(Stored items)
(* Let $K,N\in\mathbb{N}$ with $N\ge2K$, and suppose $\|\nabla f(w;z)\|\le G$ for all $w\in\mathcal{K}$, $z\in\Omega$. Then for every $\delta>N\,d_{\mathrm{mix}}(K)$ and every $w_t\in\mathcal{K}$ that is $\mathcal{F}_{t-1}$-measurable, \[ \mathbb{P}_{t-1}\Big(\Big\|\frac1N\sum_{i=1}^N\nabla f(w_t;z_t^{(i)})-\nabla F(w_t)\Big\|\le12G\sqrt{\tfrac KN}\Big(1+\sqrt{\log(K/\tilde\delta)}\Big)+\frac{6GK}{N}\Big)\ge1-\delta, \] where $\tilde\delta=\delta-N\,d_{\mathrm{mix}}(K)$.
   Context: Let $\Omega$ be a finite set and $(z_k)_{k\ge1}$ an ergodic time-homogeneous Markov chain on $\Omega$ (arbitrary, not necessarily stationary, initial distribution) with stationary distribution $\mu$. For probability measures $P,Q$ on $\Omega$, $\|P-Q\|_{TV}=\sup_A|P(A)-Q(A)|$; $P^s(z,\cdot)$ is the law of $z_{s+1}$ given $z_1=z$, and $d_{\mathrm{mix}}(s)=\sup_z\|P^s(z,\cdot)-\mu\|_{TV}$. $\mathcal{K}\subseteq\mathbb{R}^d$; $f(\cdot;z)$ is differentiable and $F(w)=\mathbb{E}_{z\sim\mu}[f(w;z)]$. Samples are grouped by iterations: positive integers $N_1,N_2,\dots$ are drawn independently of the chain (each $N_s=2^{J_s}$ with $\mathbb{P}(J_s=j)=2^{-j}$, $j\ge1$, independently), and $z_t^{(i)}=z_{S_{t-1}+i}$ for $i\ge1$, where $S_{t-1}=N_1+\dots+N_{t-1}$. $\mathcal{F}_{t-1}$ is the $\sigma$-field generated by $N_1,\dots,N_{t-1}$ and the samples $z_s^{(i)}$, $s\le t-1$, $i\le N_s$; $\mathbb{P}_{t-1}$ is conditional probability given $\mathcal{F}_{t-1}$. $\log$ is the natural logarithm. *)

From HB Require Import structures.
From mathcomp Require Import all_boot all_order all_algebra.
From mathcomp Require Import all_classical all_reals all_analysis.
Set Implicit Arguments. Unset Strict Implicit. Unset Printing Implicit Defensive.
Import Order.TTheory GRing.Theory Num.Theory.
Import numFieldNormedType.Exports.
Local Open Scope ring_scope.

◆ Work required:
Copy, without any change, the lines above from the one containing "Set Implicit Arguments." to the end, both ends included. Add nothing else.

◆ Answer below:
Set Implicit Arguments. Unset Strict Implicit. Unset Printing Implicit Defensive.
Import Order.TTheory GRing.Theory Num.Theory.
Import numFieldNormedType.Exports.
Local Open Scope ring_scope.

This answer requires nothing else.